▽
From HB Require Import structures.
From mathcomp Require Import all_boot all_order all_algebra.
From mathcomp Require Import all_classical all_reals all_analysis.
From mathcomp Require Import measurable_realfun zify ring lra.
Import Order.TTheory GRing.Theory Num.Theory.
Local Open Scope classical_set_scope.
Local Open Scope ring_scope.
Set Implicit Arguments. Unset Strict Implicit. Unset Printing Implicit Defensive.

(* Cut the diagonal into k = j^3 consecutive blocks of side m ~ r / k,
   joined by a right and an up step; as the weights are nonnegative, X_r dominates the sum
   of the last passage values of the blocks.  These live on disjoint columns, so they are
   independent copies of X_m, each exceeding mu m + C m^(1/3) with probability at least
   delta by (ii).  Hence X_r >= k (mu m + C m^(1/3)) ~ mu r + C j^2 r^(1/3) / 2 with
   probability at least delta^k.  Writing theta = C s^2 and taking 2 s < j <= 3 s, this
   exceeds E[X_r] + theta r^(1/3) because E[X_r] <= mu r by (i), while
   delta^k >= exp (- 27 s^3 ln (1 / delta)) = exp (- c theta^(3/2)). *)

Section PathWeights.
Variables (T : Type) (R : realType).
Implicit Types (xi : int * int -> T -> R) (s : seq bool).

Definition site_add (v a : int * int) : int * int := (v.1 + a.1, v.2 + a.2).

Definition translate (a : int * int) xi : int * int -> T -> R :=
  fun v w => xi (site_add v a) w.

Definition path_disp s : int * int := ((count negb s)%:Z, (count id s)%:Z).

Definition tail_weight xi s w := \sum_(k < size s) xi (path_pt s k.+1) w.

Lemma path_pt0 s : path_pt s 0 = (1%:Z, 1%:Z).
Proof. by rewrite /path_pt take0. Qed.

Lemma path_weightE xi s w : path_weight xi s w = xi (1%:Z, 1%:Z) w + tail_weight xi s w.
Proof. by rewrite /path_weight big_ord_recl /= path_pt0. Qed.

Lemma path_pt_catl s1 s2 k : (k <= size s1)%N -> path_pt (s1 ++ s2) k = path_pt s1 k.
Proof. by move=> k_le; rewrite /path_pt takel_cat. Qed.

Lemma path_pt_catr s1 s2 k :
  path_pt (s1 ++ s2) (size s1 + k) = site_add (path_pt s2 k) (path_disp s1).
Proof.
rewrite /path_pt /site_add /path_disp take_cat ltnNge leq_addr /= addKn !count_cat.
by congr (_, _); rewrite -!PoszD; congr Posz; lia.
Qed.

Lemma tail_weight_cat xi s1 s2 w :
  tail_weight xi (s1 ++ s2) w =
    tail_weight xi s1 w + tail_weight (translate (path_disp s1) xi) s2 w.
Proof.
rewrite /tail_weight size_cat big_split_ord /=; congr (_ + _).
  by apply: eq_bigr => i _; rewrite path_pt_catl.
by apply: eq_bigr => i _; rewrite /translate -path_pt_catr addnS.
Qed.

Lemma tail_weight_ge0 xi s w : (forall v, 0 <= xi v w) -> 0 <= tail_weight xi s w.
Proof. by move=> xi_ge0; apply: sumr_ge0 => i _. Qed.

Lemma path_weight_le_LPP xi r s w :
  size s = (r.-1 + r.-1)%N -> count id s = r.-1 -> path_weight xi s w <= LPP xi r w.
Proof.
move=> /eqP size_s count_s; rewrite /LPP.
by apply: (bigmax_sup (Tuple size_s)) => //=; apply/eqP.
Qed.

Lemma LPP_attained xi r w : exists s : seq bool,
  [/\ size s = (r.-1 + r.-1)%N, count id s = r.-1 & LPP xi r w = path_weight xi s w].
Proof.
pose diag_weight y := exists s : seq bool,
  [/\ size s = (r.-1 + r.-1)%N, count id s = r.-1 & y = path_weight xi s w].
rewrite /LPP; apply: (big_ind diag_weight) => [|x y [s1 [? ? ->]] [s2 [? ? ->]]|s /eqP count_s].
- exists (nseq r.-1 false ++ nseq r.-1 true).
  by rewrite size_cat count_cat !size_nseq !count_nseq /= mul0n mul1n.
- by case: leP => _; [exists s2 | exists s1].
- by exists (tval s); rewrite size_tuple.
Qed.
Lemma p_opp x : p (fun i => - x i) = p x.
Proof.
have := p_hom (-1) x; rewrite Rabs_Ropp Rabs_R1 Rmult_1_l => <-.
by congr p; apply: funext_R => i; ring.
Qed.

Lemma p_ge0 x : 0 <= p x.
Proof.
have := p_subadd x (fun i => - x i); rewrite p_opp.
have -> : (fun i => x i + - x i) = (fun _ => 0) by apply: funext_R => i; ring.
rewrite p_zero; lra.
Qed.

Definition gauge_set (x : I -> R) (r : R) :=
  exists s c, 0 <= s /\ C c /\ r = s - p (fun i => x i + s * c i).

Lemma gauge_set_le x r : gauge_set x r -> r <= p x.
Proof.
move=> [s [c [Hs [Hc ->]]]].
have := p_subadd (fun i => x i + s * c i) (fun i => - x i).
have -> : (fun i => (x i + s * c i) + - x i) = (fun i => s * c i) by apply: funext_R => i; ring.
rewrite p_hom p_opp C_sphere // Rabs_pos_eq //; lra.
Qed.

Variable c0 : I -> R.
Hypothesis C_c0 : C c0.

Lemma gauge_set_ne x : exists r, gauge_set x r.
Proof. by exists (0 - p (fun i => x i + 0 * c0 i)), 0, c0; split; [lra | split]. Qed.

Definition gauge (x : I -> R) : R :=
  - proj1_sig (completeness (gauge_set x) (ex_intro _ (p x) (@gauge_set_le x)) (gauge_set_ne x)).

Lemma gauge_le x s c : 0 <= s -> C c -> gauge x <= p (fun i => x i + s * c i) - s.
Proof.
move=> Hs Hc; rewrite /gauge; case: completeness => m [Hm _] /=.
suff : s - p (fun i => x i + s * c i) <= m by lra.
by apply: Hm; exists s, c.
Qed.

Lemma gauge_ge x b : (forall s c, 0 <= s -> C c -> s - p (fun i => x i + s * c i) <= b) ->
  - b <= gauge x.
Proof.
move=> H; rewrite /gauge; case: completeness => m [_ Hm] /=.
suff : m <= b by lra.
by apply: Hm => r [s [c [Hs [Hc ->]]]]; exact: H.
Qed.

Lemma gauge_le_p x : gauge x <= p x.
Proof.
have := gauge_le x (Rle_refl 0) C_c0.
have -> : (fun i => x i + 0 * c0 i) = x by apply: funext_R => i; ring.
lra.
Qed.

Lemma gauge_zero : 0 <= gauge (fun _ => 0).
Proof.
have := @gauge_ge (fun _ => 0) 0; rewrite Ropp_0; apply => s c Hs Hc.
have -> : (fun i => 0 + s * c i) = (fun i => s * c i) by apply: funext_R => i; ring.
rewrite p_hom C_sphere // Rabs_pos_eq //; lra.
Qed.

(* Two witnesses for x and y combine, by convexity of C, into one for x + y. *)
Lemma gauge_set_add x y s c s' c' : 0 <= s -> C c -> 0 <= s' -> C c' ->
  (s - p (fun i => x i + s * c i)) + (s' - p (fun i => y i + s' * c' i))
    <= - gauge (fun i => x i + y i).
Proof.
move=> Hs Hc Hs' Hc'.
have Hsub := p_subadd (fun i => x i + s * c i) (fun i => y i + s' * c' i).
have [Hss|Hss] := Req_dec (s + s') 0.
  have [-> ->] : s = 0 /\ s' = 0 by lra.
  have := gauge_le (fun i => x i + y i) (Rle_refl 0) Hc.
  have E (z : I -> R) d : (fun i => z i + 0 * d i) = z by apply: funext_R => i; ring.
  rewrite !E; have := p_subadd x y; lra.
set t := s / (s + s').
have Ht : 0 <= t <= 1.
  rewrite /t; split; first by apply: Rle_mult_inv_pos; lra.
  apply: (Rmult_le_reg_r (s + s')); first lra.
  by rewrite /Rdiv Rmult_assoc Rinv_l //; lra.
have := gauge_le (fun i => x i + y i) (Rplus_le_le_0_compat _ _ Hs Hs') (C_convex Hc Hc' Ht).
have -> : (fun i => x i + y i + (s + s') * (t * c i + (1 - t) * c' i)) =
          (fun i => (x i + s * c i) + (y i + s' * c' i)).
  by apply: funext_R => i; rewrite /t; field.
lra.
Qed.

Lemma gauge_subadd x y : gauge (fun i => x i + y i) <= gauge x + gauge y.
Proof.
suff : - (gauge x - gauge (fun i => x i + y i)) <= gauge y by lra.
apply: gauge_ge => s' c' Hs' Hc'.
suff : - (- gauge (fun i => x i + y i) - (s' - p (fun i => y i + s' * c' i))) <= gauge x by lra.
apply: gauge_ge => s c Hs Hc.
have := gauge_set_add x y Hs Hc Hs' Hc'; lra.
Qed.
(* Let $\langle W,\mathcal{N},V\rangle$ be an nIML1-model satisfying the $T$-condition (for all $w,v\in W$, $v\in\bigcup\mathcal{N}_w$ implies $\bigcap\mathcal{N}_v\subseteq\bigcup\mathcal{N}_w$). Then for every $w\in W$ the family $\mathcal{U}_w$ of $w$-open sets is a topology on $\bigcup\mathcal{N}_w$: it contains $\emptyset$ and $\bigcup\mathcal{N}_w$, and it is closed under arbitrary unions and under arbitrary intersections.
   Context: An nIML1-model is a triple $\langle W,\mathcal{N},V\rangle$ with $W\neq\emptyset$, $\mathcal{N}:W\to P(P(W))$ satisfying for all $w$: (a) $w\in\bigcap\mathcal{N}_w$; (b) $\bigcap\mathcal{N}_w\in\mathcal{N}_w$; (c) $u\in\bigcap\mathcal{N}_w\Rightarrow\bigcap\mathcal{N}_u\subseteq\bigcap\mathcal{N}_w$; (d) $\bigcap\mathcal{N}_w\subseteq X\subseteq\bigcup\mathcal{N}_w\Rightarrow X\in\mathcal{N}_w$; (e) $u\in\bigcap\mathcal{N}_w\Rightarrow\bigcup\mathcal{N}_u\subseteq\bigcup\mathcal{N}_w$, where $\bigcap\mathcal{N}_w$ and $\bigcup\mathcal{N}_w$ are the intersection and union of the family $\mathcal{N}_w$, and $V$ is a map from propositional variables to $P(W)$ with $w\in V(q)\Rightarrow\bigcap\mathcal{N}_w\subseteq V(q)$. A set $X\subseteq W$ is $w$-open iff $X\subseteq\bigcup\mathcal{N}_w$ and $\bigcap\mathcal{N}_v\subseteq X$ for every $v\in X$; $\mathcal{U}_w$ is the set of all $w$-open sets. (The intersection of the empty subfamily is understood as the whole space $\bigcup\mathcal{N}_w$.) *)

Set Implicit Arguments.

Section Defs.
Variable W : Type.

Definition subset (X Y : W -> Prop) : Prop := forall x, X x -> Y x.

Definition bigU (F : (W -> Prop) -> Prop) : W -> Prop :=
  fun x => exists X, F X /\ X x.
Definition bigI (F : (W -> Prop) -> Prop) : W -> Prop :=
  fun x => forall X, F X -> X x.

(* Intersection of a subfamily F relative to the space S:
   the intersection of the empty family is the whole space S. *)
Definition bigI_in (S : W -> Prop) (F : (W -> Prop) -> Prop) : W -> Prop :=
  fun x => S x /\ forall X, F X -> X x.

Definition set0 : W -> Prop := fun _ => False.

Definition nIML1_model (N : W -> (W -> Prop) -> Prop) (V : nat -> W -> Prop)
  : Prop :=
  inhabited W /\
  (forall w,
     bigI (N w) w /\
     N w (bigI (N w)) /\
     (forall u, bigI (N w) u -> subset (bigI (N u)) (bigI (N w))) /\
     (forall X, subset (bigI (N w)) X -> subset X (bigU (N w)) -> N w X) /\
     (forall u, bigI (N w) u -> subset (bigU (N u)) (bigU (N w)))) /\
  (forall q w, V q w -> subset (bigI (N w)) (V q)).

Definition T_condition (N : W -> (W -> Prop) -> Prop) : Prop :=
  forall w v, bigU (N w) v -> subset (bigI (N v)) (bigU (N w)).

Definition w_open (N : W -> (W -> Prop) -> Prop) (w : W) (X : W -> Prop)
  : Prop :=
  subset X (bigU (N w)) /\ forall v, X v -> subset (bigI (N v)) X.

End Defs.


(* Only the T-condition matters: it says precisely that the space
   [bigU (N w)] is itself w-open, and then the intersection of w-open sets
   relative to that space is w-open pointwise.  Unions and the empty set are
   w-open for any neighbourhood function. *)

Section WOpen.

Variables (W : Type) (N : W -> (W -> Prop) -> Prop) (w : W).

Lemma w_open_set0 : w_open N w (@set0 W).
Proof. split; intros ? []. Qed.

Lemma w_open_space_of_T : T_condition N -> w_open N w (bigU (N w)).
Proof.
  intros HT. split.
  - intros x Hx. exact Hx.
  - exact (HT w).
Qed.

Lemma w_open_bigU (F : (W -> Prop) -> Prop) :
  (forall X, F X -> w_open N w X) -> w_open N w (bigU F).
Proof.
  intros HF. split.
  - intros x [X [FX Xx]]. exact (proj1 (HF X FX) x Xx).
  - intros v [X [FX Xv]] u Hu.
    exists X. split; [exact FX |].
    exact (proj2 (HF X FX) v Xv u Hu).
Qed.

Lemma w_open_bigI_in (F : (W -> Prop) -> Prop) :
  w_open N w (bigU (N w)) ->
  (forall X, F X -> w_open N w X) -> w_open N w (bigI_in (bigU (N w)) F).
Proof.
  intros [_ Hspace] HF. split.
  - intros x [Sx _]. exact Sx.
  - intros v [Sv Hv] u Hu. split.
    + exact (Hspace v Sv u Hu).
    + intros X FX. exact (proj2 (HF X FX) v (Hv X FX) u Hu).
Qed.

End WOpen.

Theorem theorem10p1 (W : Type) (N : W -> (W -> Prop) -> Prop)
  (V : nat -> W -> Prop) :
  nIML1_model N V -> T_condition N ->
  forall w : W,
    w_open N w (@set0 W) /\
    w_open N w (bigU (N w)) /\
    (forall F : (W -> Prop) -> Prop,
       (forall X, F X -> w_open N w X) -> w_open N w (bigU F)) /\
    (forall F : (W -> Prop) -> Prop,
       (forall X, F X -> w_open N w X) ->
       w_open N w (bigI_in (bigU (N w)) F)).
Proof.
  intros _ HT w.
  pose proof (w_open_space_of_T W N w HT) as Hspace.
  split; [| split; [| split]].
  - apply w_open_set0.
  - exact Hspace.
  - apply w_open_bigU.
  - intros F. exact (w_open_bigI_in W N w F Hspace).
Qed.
△
*Prompt*:
Print the records above verbatim from their first line to the line containing "Local Open Scope ring_scope.", both included, and stop there.

*Output for this exercise*:
From HB Require Import structures.
From mathcomp Require Import all_boot all_order all_algebra.
From mathcomp Require Import all_classical all_reals all_analysis.
From mathcomp Require Import measurable_realfun zify ring lra.
Import Order.TTheory GRing.Theory Num.Theory.
Local Open Scope classical_set_scope.
Local Open Scope ring_scope.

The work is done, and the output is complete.